INSTRUCTIONS TO FOLLOW — Copy out exactly the lines below that run from the one holding "Definition phi (S" to the one holding "triple F1, F2, F3", keeping both of those lines and no others.

= = = = = = =

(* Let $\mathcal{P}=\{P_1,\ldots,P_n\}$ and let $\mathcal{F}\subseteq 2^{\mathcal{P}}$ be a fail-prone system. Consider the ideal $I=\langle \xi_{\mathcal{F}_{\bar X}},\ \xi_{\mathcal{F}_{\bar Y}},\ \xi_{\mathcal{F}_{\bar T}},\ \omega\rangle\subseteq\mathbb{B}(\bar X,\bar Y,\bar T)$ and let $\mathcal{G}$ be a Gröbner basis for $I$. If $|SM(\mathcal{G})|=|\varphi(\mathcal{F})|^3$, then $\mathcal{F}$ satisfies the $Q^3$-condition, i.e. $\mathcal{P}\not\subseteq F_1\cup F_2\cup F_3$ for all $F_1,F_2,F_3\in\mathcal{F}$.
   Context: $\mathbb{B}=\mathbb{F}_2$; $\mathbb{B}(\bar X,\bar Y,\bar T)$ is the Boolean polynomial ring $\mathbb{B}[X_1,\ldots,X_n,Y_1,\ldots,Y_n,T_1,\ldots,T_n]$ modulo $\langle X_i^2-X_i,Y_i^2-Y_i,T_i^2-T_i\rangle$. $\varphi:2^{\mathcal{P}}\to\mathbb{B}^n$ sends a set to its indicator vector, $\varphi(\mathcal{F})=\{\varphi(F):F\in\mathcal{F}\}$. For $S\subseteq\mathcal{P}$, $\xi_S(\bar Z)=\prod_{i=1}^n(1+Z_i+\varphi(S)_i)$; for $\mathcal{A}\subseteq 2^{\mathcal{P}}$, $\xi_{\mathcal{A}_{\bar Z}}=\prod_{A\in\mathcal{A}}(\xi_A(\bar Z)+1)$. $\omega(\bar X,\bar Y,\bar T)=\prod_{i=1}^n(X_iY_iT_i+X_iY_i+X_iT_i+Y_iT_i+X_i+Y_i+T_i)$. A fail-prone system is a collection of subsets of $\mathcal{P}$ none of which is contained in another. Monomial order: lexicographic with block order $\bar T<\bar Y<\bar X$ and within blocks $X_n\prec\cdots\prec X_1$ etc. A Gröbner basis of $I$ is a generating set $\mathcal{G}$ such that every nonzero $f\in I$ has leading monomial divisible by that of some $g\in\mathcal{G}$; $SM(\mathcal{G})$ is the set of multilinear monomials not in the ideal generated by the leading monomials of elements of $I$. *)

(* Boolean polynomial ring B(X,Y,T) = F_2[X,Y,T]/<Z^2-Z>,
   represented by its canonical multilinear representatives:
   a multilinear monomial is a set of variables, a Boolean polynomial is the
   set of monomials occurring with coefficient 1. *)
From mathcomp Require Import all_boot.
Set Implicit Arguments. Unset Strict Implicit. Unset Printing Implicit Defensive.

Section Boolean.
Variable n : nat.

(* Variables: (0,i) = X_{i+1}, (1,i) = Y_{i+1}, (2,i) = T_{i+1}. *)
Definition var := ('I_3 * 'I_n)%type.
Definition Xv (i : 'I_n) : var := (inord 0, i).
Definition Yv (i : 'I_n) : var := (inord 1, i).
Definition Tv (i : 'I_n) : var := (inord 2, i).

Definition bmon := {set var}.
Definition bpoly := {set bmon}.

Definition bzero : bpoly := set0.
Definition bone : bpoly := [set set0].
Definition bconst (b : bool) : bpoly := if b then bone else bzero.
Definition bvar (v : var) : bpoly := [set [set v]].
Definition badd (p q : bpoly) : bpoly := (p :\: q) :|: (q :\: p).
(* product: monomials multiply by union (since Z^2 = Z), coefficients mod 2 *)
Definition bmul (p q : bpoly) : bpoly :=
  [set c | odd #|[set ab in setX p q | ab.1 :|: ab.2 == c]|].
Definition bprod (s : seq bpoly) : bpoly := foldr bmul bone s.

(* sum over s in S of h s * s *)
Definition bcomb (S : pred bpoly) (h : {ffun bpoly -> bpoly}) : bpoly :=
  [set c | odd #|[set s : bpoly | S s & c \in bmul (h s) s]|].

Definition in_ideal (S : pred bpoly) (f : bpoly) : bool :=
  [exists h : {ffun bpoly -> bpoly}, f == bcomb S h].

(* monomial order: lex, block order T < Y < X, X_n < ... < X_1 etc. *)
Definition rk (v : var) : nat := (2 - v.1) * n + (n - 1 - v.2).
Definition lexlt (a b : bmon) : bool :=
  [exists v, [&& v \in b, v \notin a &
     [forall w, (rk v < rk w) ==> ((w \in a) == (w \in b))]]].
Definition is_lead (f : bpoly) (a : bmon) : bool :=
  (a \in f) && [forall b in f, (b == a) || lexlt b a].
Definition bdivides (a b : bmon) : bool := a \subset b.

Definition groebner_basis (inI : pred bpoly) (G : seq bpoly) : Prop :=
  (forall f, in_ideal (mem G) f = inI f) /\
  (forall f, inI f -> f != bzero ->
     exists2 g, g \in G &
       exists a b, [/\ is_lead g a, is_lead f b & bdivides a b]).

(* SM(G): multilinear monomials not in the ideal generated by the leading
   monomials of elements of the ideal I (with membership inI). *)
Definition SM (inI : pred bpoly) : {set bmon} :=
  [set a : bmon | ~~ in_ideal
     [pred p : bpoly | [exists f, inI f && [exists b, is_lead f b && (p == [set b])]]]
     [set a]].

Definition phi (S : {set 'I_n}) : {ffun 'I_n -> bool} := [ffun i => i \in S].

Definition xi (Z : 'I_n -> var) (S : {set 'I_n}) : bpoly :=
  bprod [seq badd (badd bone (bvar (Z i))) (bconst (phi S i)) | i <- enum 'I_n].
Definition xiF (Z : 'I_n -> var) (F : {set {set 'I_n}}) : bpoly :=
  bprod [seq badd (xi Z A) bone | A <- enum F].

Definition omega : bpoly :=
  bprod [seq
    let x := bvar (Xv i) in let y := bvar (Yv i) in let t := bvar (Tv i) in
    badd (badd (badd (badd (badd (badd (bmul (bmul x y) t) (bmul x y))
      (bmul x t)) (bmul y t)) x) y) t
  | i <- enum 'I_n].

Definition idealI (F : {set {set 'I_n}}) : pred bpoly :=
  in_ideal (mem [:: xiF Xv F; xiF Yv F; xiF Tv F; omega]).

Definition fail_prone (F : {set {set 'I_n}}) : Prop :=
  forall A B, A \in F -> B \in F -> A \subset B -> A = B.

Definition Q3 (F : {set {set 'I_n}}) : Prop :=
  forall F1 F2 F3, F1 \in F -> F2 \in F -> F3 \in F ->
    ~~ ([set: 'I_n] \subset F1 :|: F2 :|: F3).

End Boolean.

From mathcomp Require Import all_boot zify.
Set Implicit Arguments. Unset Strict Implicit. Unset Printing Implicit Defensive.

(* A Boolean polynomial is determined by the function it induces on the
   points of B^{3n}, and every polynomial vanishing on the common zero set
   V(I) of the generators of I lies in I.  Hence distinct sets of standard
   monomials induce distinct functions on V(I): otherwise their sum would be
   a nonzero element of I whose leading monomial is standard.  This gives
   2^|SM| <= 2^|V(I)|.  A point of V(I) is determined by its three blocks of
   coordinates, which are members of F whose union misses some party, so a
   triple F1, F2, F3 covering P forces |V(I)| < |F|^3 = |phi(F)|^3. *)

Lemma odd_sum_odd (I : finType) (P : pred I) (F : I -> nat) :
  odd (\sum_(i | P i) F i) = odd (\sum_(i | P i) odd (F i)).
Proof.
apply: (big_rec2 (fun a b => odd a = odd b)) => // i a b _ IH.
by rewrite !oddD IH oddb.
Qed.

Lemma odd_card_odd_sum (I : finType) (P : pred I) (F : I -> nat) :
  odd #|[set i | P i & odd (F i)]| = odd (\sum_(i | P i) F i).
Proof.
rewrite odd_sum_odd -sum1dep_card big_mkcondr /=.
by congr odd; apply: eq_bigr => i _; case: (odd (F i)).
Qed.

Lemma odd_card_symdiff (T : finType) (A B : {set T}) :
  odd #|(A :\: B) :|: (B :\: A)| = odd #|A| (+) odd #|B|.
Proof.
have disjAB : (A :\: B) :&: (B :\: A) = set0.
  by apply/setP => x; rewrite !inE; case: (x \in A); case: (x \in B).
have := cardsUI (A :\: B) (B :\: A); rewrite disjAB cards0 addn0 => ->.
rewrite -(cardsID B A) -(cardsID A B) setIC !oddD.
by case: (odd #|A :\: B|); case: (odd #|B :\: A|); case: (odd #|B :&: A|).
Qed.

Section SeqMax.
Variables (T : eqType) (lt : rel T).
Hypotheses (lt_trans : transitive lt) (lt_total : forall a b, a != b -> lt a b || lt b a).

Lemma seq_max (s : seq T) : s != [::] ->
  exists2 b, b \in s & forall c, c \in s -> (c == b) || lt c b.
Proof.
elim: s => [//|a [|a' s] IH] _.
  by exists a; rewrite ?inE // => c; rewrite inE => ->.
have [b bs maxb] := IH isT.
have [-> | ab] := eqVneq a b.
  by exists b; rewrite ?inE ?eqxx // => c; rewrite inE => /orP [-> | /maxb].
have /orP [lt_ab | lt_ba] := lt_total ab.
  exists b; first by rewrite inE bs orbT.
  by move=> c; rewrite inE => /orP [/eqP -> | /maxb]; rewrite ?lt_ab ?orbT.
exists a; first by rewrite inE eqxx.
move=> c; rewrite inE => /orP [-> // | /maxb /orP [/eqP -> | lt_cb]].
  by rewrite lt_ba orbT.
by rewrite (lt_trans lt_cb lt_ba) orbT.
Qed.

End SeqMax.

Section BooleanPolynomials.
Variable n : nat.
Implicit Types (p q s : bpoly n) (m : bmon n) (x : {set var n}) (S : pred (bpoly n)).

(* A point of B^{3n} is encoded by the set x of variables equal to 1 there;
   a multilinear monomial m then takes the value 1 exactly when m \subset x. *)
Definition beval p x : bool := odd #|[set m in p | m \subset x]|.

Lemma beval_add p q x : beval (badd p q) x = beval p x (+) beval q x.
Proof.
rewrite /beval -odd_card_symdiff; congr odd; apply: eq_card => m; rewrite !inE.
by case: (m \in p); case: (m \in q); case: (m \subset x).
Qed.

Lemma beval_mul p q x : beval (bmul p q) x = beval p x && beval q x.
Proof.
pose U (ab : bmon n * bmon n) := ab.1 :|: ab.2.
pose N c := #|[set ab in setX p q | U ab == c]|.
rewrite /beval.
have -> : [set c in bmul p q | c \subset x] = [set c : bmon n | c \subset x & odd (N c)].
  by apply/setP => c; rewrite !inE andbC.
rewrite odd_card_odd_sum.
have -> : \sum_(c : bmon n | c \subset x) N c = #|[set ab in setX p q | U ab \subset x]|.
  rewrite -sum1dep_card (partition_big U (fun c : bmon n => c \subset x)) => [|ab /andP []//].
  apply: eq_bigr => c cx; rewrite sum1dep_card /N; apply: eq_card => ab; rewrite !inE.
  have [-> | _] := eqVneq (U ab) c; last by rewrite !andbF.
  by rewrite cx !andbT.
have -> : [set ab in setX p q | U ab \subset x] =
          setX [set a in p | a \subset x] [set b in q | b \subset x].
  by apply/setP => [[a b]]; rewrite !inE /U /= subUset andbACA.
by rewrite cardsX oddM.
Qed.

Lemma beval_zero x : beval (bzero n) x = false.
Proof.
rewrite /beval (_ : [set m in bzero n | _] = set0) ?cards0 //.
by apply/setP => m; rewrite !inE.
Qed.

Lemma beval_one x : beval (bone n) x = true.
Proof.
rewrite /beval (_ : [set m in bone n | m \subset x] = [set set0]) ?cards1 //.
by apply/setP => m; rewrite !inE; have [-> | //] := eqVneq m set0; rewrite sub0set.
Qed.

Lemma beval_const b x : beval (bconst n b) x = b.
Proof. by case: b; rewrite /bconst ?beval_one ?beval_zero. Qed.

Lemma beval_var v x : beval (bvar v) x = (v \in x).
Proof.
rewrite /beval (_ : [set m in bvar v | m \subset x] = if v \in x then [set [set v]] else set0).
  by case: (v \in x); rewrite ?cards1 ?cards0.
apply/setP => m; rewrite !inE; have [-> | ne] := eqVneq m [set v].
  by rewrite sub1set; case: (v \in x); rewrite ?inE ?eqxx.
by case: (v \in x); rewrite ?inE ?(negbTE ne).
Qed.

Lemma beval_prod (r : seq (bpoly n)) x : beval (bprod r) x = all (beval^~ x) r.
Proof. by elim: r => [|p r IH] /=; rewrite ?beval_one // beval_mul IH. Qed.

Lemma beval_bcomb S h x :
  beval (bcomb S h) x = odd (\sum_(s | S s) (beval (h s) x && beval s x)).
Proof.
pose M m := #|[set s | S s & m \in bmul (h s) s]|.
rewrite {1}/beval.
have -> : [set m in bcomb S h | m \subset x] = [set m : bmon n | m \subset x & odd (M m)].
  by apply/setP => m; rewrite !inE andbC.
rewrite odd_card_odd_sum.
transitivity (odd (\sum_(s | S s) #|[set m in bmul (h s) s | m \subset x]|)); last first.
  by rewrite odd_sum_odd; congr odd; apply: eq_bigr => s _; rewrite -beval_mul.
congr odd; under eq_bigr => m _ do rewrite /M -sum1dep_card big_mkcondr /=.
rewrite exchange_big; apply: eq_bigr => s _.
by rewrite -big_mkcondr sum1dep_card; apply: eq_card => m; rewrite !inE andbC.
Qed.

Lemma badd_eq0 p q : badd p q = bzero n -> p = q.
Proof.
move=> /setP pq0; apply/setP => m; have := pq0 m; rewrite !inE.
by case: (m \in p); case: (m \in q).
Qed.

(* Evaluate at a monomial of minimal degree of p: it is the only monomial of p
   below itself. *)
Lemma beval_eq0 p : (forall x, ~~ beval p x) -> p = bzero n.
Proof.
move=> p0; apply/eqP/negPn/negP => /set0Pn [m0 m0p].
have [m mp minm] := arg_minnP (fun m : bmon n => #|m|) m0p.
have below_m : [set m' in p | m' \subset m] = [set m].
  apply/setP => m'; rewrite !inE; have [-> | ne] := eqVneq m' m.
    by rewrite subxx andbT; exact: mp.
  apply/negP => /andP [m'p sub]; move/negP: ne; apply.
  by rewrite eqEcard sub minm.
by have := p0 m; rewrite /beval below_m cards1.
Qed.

= = = = = = =

RESULT FOR THIS TASK —
Definition phi (S : {set 'I_n}) : {ffun 'I_n -> bool} := [ffun i => i \in S].

Definition xi (Z : 'I_n -> var) (S : {set 'I_n}) : bpoly :=
  bprod [seq badd (badd bone (bvar (Z i))) (bconst (phi S i)) | i <- enum 'I_n].
Definition xiF (Z : 'I_n -> var) (F : {set {set 'I_n}}) : bpoly :=
  bprod [seq badd (xi Z A) bone | A <- enum F].

Definition omega : bpoly :=
  bprod [seq
    let x := bvar (Xv i) in let y := bvar (Yv i) in let t := bvar (Tv i) in
    badd (badd (badd (badd (badd (badd (bmul (bmul x y) t) (bmul x y))
      (bmul x t)) (bmul y t)) x) y) t
  | i <- enum 'I_n].

Definition idealI (F : {set {set 'I_n}}) : pred bpoly :=
  in_ideal (mem [:: xiF Xv F; xiF Yv F; xiF Tv F; omega]).

Definition fail_prone (F : {set {set 'I_n}}) : Prop :=
  forall A B, A \in F -> B \in F -> A \subset B -> A = B.

Definition Q3 (F : {set {set 'I_n}}) : Prop :=
  forall F1 F2 F3, F1 \in F -> F2 \in F -> F3 \in F ->
    ~~ ([set: 'I_n] \subset F1 :|: F2 :|: F3).

End Boolean.

From mathcomp Require Import all_boot zify.
Set Implicit Arguments. Unset Strict Implicit. Unset Printing Implicit Defensive.

(* A Boolean polynomial is determined by the function it induces on the
   points of B^{3n}, and every polynomial vanishing on the common zero set
   V(I) of the generators of I lies in I.  Hence distinct sets of standard
   monomials induce distinct functions on V(I): otherwise their sum would be
   a nonzero element of I whose leading monomial is standard.  This gives
   2^|SM| <= 2^|V(I)|.  A point of V(I) is determined by its three blocks of
   coordinates, which are members of F whose union misses some party, so a
   triple F1, F2, F3 covering P forces |V(I)| < |F|^3 = |phi(F)|^3. *)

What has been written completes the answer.